The JAR version may change depending on your installed Hadoop distribution.
Once you hit the preceding command on the console, you will see the logs generated by the application on the console, as shown in the following command. The default logger configuration is displayed on the console.
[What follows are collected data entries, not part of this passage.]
(* The polynomials $f^*(n,q)$ satisfy: (a) for each $n\ge2$, $f^*(n,q)$ has degree $2n-4$ in $q$ and leading coefficient $1$; (b) for any integers $3\le n<n'$, we have $f^*(n,q)<_{\mathrm{lex}}f^*(n',q)$, and the first position at which the coefficient sequences of $f^*(n,q)$ and $f^*(n',q)$ differ is the $n$-th entry (the term of $n$-th highest order), where the two entries differ by exactly $1$.
   Context: For a polynomial $\phi$ defined on $\{-1,\dots,n-1\}$ (as a function of the integer argument) with $\phi(-1)=0$, $n\ge1$ and $-1\le k\le\frac{n-1}{2}$, let $u(\phi,n,q,k)=q^{2k+2}\phi(n-k-1)+\phi(k)+\bigl(\sum_{i=0}^kq^i\bigr)\bigl(\sum_{j=k}^{n-2}q^j\bigr)$. For $n\ge1$ let $k^*(n)=n-2^{\lfloor\log_2 n\rfloor}$ (the unique $0\le k\le\frac{n-1}{2}$ with $n-k$ a power of two). Define polynomials in $q$: $f^*(-1,q)=f^*(0,q)=f^*(1,q)=0$, $f^*(2,q)=1$, $f^*(3,q)=q^2+1$, $f^*(4,q)=q^4+2q^2+q+1$, and recursively $f^*(n,q)=u(f^*(\cdot,q),n,q,k^*(n))$ for $n\ge5$. The coefficient sequence of a nonzero polynomial lists its coefficients starting with the leading coefficient in order of decreasing power, followed by infinitely many zeros. For polynomials $g,h$ with coefficient sequences $(a_i)$, $(b_i)$, $g<_{\mathrm{lex}}h$ means there is $i\ge1$ with $a_i<b_i$ and $a_j=b_j$ for all $j<i$. *)

From mathcomp Require Import all_boot all_order all_algebra.
Set Implicit Arguments. Unset Strict Implicit. Unset Printing Implicit Defensive.
Import Order.TTheory GRing.Theory Num.Theory.
Local Open Scope ring_scope.

(* A function phi on {-1,...,n-1} with phi(-1)=0 is represented by a
   sequence s with phi(m) = nth 0 s m for m >= 0 (the value at -1 is never
   used since k*(n) >= 0). *)

Definition u_op (s : seq {poly int}) (n k : nat) : {poly int} :=
  'X^(2 * k + 2) * nth 0 s (n - k - 1) + nth 0 s k
  + (\sum_(0 <= i < k.+1) 'X^i) * (\sum_(k <= j < n.-1) 'X^j).

Definition kstar (n : nat) : nat := (n - 2 ^ trunc_log 2 n)%N.

(* value f*(n) computed from the table s = [f*(0); ...; f*(n-1)] *)
Definition fstar_next (s : seq {poly int}) (n : nat) : {poly int} :=
  match n with
  | 0 | 1 => 0
  | 2 => 1
  | 3 => 'X^2 + 1
  | 4 => 'X^4 + 2%:R * 'X^2 + 'X + 1
  | _ => u_op s n (kstar n)
  end.

Fixpoint fstar_tab (m : nat) : seq {poly int} :=
  match m with
  | 0 => [:: 0]
  | m'.+1 => rcons (fstar_tab m') (fstar_next (fstar_tab m') m)
  end.

Definition fstar (n : nat) : {poly int} := nth 0 (fstar_tab n) n.

(* coefficient sequence, 1-indexed: entry i (i >= 1) is the coefficient of
   q^(deg p + 1 - i), i.e. leading coefficient first, then zeros *)
Definition coefseq (p : {poly int}) (i : nat) : int :=
  if (1 <= i <= size p)%N then p`_(size p - i) else 0.

Definition lex_lt (p r : {poly int}) : Prop :=
  exists i : nat, (1 <= i)%N /\ coefseq p i < coefseq r i /\
    forall j : nat, (1 <= j < i)%N -> coefseq p j = coefseq r j.

From mathcomp Require Import all_boot all_order all_algebra.
From mathcomp Require Import zify ring.
Import Order.TTheory GRing.Theory Num.Theory.
Local Open Scope ring_scope.

(* The dominant term of the recursion is q^(2k+2) f*(n-k-1): since 2k < n it
   is monic of degree 2n-4 by induction, while f*(k) and the product of the
   two geometric sums have smaller degree.  For (b), f*(n+1) - q^2 f*(n) has
   no coefficient in degree >= n-1 except a 1 in degree n-1.  If n+1 is a
   power of two this difference is 1 + q + ... + q^(n-1); otherwise
   k*(n+1) = k*(n) + 1, the terms q^(2k+4) f*(n-k-1) cancel, and what is left
   is f*(k+1) - q^2 f*(k) + q^(k+1) + ... + q^(n-1), whose first two terms
   have degree < n-1.  Hence the first n entries of the coefficient sequence
   of f*(n+1) are those of f*(n) with the n-th increased by 1, and the
   entries up to position n stay fixed as n' grows further. *)

Lemma size_fstar_tab m : size (fstar_tab m) = m.+1.
Proof. by elim: m => //= m IHm; rewrite size_rcons IHm. Qed.

Lemma nth_fstar_tab m j : (j <= m)%N -> nth 0 (fstar_tab m) j = fstar j.
Proof.
elim: m => [|m IHm]; first by rewrite leqn0 => /eqP ->.
rewrite leq_eqVlt => /orP[/eqP -> // | ltjm].
by rewrite /= nth_rcons size_fstar_tab ltjm IHm.
Qed.

Lemma fstarS n : fstar n.+1 = fstar_next (fstar_tab n) n.+1.
Proof. by rewrite /fstar /= nth_rcons size_fstar_tab ltnn eqxx. Qed.

Lemma fstar0 : fstar 0 = 0. Proof. by []. Qed.

Lemma fstar1 : fstar 1 = 0. Proof. by rewrite fstarS. Qed.

Lemma kstar_lt_half n : (0 < n)%N -> (2 * kstar n < n)%N.
Proof.
move=> n_gt0; have /andP[lo hi] := trunc_log_bounds (isT : (1 < 2)%N) n_gt0.
by rewrite /kstar; rewrite expnS in hi; lia.
Qed.

Lemma kstarS n : kstar n.+1 = 0%N \/ kstar n.+1 = (kstar n).+1.
Proof.
have /andP[lo hi] := trunc_log_bounds (isT : (1 < 2)%N) (ltn0Sn n).
rewrite /kstar; set t := trunc_log 2 n.+1 in lo hi *.
have [eq_n | lt_n] := eqVneq (2 ^ t)%N n.+1; first by left; rewrite eq_n subnn.
have -> : trunc_log 2 n = t by apply: trunc_log_eq => //; lia.
by right; lia.
Qed.

Section SumX.

Context {R : nzSemiRingType}.

Definition sumX (a b : nat) : {poly R} := \sum_(a <= j < b) 'X^j.

Lemma coef_sumX a b j : (sumX a b)`_j = (a <= j < b)%N%:R.
Proof.
rewrite /sumX; elim: b => [|b IHb]; first by rewrite big_geq // coef0 ltn0 andbF.
have [le_ab | lt_ba] := leqP a b; last first.
  by rewrite big_geq // coef0; have -> : (a <= j < b.+1)%N = false by lia.
rewrite big_nat_recr //= coefD IHb coefXn.
have -> : (a <= j < b.+1)%N = (a <= j < b)%N || (j == b) by lia.
by case: eqVneq => [-> | _]; rewrite ?ltnn ?andbF ?add0r ?orbF ?addr0.
Qed.

Lemma size_sumX a b : (size (sumX a b) <= b)%N.
Proof.
by apply/leq_sizeP => j le_bj; rewrite coef_sumX; have -> : (a <= j < b)%N = false by lia.
Qed.

Lemma sumXSS a b : sumX a.+1 b.+1 = 'X * sumX a b.
Proof. by rewrite /sumX big_add1 mulr_sumr; apply: eq_bigr => i _; rewrite exprS. Qed.

Lemma sumX0S b : sumX 0 b.+1 = 1 + 'X * sumX 0 b.
Proof. by rewrite -sumXSS /sumX big_nat_recl // big_add1 expr0. Qed.

End SumX.

Lemma fstar_rec n : (4 <= n)%N ->
  fstar n = 'X^(2 * kstar n + 2) * fstar (n - kstar n - 1) + fstar (kstar n)
            + sumX 0 (kstar n).+1 * sumX (kstar n) n.-1.
Proof.
case: n => // n le4n; rewrite fstarS.
have [n_eq3 | n_gt3] := eqVneq n 3%N.
  (* f*(4) is given explicitly, but it also obeys the recursion (k*(4) = 0). *)
  have k4 : kstar 4 = 0%N by [].
  rewrite n_eq3 k4 /= /sumX /fstar /= !big_nat_recr //= big_nil expr0; ring.
have -> : fstar_next (fstar_tab n) n.+1 = u_op (fstar_tab n) n.+1 (kstar n.+1).
  by case: n le4n n_gt3 => [|[|[|[|n]]]].
have k_lt := kstar_lt_half n.+1 isT.
by rewrite /u_op !nth_fstar_tab //; lia.
Qed.

Lemma fstar_monic_size n : (2 <= n)%N ->
  fstar n \is monic /\ size (fstar n) = (2 * n - 3)%N.
Proof.
elim/ltn_ind: n => n IHn le2n.
have size_le m : (m < n)%N -> (size (fstar m) <= 2 * m - 3)%N.
  case: m => [|[|m]] lt_mn; try by rewrite (fstar0, fstar1) size_poly0.
  by have [_ ->] := IHn m.+2 lt_mn isT.
case: n IHn le2n size_le => [|[|[|[|n]]]] // IHn _ size_le.
- by rewrite fstarS /= monic1 size_poly1.
- by rewrite fstarS /= -polyC1 monicXnaddC // size_XnaddC.
rewrite fstar_rec // -addrA; set N := n.+4; set k := kstar N.
have k_lt := kstar_lt_half N isT.
have [G_monic G_size] := IHn (N - k - 1)%N ltac:(lia) ltac:(lia).
have lead_size : size ('X^(2 * k + 2) * fstar (N - k - 1)) = (2 * N - 3)%N.
  by rewrite size_monicM ?monicXn ?monic_neq0 // size_polyXn G_size; lia.
have rest_size : (size (fstar k + sumX 0 k.+1 * sumX k N.-1)%R < 2 * N - 3)%N.
  apply: (leq_ltn_trans (size_polyD _ _)); rewrite gtn_max.
  have := size_le k ltac:(lia).
  have := size_polyMleq (sumX 0 k.+1 : {poly int}) (sumX k N.-1).
  have := size_sumX (R := int) 0 k.+1; have := size_sumX (R := int) k N.-1.
  lia.
split; last by rewrite size_polyDl lead_size.
by rewrite monicE lead_coefDl ?lead_size // lead_coef_monicM ?monicXn.
Qed.

Lemma coef_fstar_ge n i : (2 * n - 3 <= i)%N -> (fstar n)`_i = 0.
Proof.
move=> le_i; apply: nth_default; apply: leq_trans le_i.
case: n => [|[|n]]; try by rewrite (fstar0, fstar1) size_poly0.
by have [_ ->] := fstar_monic_size n.+2 isT.
Qed.

Lemma fstarS_subX2_pow2 n : (3 <= n)%N -> kstar n.+1 = 0%N ->
  fstar n.+1 - 'X^2 * fstar n = sumX 0 n.
Proof.
move=> le3n k0; rewrite fstar_rec // k0 subn0 subn1 /= fstar0 addr0.
by rewrite /sumX big_nat1 expr0 mul1r addrAC subrr add0r.
Qed.

Lemma fstarS_subX2 n : (4 <= n)%N -> kstar n.+1 = (kstar n).+1 ->
  fstar n.+1 - 'X^2 * fstar n
  = fstar (kstar n).+1 - 'X^2 * fstar (kstar n) + sumX (kstar n).+1 n.
Proof.
move=> le4n kS; rewrite (fstar_rec n.+1 (leqW le4n)) (fstar_rec n le4n) kS /=.
have := kstar_lt_half n ltac:(lia); set k := kstar n => k_lt.
have -> : (n.+1 - k.+1 - 1 = n - k - 1)%N by lia.
have -> : (2 * k.+1 + 2 = 2 + (2 * k + 2))%N by lia.
have -> : sumX k.+1 n = 'X * sumX k n.-1 :> {poly int} by rewrite -sumXSS prednK //; lia.
rewrite sumX0S exprD expr2; ring.
Qed.

Lemma coef_fstarS_subX2 n j : (3 <= n)%N -> (n.-1 <= j)%N ->
  (fstar n.+1 - 'X^2 * fstar n)`_j = (j == n.-1)%:R.
Proof.
move=> le3n le_j; have [k0 | kS] := kstarS n.
  by rewrite fstarS_subX2_pow2 // coef_sumX; congr (_%:R); lia.
have le4n : (4 <= n)%N.
  (* for n = 3 the hypothesis kS reads k*(4) = k*(3) + 1, i.e. 0 = 2 *)
  by move: le3n kS; rewrite leq_eqVlt => /orP[/eqP <- | ].
have k_lt := kstar_lt_half n ltac:(lia).
rewrite fstarS_subX2 // !coefD coefN coefXnM coef_sumX ifN; last by lia.
by rewrite !coef_fstar_ge ?subrr ?add0r; [congr (_%:R) | ..]; lia.
Qed.

Lemma coefseq_fstar n i : (2 <= n)%N -> (1 <= i <= 2 * n - 3)%N ->
  coefseq (fstar n) i = (fstar n)`_(2 * n - 3 - i).
Proof.
move=> le2n le_i; have [_ size_n] := fstar_monic_size n le2n.
by rewrite /coefseq size_n le_i.
Qed.

Lemma coefseq_fstarS n i : (3 <= n)%N -> (1 <= i <= n)%N ->
  coefseq (fstar n.+1) i = coefseq (fstar n) i + (i == n)%:R.
Proof.
move=> le3n le_i; rewrite !coefseq_fstar //; try lia.
have := coef_fstarS_subX2 n (2 * n.+1 - 3 - i) le3n ltac:(lia).
rewrite coefB coefXnM ifN; last by lia.
have -> : (2 * n.+1 - 3 - i - 2 = 2 * n - 3 - i)%N by lia.
have -> : (2 * n.+1 - 3 - i == n.-1)%N = (i == n) by apply/eqP/eqP; lia.
by move/eqP; rewrite subr_eq addrC => /eqP.
Qed.

Lemma coefseq_fstar_lt n n' i : (3 <= n)%N -> (n < n')%N -> (1 <= i <= n)%N ->
  coefseq (fstar n') i = coefseq (fstar n) i + (i == n)%:R.
Proof.
move=> le3n; elim: n' => // n' IHn'.
rewrite ltnS leq_eqVlt => /orP[/eqP <- | lt_nn'] le_i.
  exact: coefseq_fstarS.
by rewrite coefseq_fstarS ?IHn' //; [rewrite (_ : (i == n') = false) ?addr0 | ..]; lia.
Qed.

Theorem lemma3p40 :
  (forall n : nat, (2 <= n)%N ->
     (size (fstar n)).-1 = (2 * n - 4)%N /\ lead_coef (fstar n) = 1)
  /\
  (forall n n' : nat, (3 <= n)%N -> (n < n')%N ->
     lex_lt (fstar n) (fstar n')
     /\ (forall j : nat, (1 <= j < n)%N -> coefseq (fstar n) j = coefseq (fstar n') j)
     /\ coefseq (fstar n) n != coefseq (fstar n') n
     /\ `|coefseq (fstar n') n - coefseq (fstar n) n| = 1).
Proof.
split=> [n le2n | n n' le3n lt_nn'].
  have [/monicP lead1 size_n] := fstar_monic_size n le2n.
  by rewrite size_n lead1; split; first lia.
have coef_n : coefseq (fstar n') n = coefseq (fstar n) n + 1.
  by rewrite (coefseq_fstar_lt _ _ _ le3n lt_nn') ?eqxx // leqnn andbT (ltn_trans _ le3n).
have coef_lt j : (1 <= j < n)%N -> coefseq (fstar n) j = coefseq (fstar n') j.
  move=> /andP[le1j lt_jn].
  by rewrite (coefseq_fstar_lt _ _ _ le3n lt_nn') ?(ltn_eqF lt_jn) ?addr0 // le1j ltnW.
split; [|split; [exact: coef_lt | split]].
- by exists n; split; [lia | rewrite coef_n ltrDl].
- by rewrite coef_n eq_sym -subr_eq0 addrC addKr.
- by rewrite coef_n addrC addKr.
Qed.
The default mode is INFO, and you may change it by overwriting the default logger settings by updating hadoop.root.logger=WARN,console in conf/log4j.properties:
Number of Maps = 16
Samples per Map = 10000
Wrote input for Map #0
Wrote input for Map #1
Wrote input for Map #2
Wrote input for Map #3
Wrote input for Map #4
Wrote input for Map #5
Wrote input for Map #6
Wrote input for Map #7
Wrote input for Map #8
Wrote input for Map #9
Wrote input for Map #10
Wrote input for Map #11
Wrote input for Map #12
Wrote input for Map #13
Wrote input for Map #14
Wrote input for Map #15
Starting Job
11/09/14 21:12:02 INFO mapreduce.Job: map 0% reduce 0%
11/09/14 21:12:09 INFO mapreduce.Job: map 25% reduce 0%
11/09/14 21:12:11 INFO mapreduce.Job: map 56% reduce 0%
11/09/14 21:12:12 INFO mapreduce.Job: map 100% reduce 0%
11/09/14 21:12:12 INFO mapreduce.Job: map 100% reduce 100%
11/09/14 21:12:12 INFO mapreduce.Job: Job job_1381790835497_0003 completed successfully
11/09/14 21:12:19 INFO mapreduce.Job: Counters: 44
File System Counters
FILE: Number of bytes read=358
FILE: Number of bytes written=1365080
FILE: Number of read operations=0
FILE: Number of large read operations=0
FILE: Number of write operations=0
HDFS: Number of bytes read=4214
HDFS: Number of bytes written=215
HDFS: Number of read operations=67
HDFS: Number of large read operations=0
HDFS: Number of write operations=3
Job Counters
Launched map tasks=16
Launched reduce tasks=1
Data-local map tasks=14
Rack-local map tasks=2
Total time spent by all maps in occupied slots (ms)=184421
Total time spent by all reduces in occupied slots (ms)=8542
Map-Reduce Framework
Map input records=16
Map output records=32
Map output bytes=288
Map output materialized bytes=448
Input split bytes=2326
Combine input records=0
Combine output records=0
Reduce input groups=2
Reduce shuffle bytes=448
Reduce input records=32
Reduce output records=0
Spilled Records=64
Shuffled Maps =16
Failed Shuffles=0
Merged Map outputs=16
GC time elapsed (ms)=195
CPU time spent (ms)=7740
Physical memory (bytes) snapshot=6143396896
Virtual memory (bytes) snapshot=23142254400
Total committed heap usage (bytes)=43340769024
Shuffle Errors
BAD_ID=0
CONNECTION=0
IO_ERROR=0
WRONG_LENGTH=0
WRONG_MAP=0
WRONG_REDUCE=0
File Input Format Counters
Bytes Read=1848
File Output Format Counters
Bytes Written=98
Job Finished in 23.144 seconds
Estimated value of Pi is 3.14127500000000000000
You can compare the example that runs over Hadoop 1.x and the one that runs over YARN. You can hardly differentiate by looking at the logs, but you can clearly identify the difference in performance. YARN has backward-compatibility support with MapReduce 1.x, without any code change.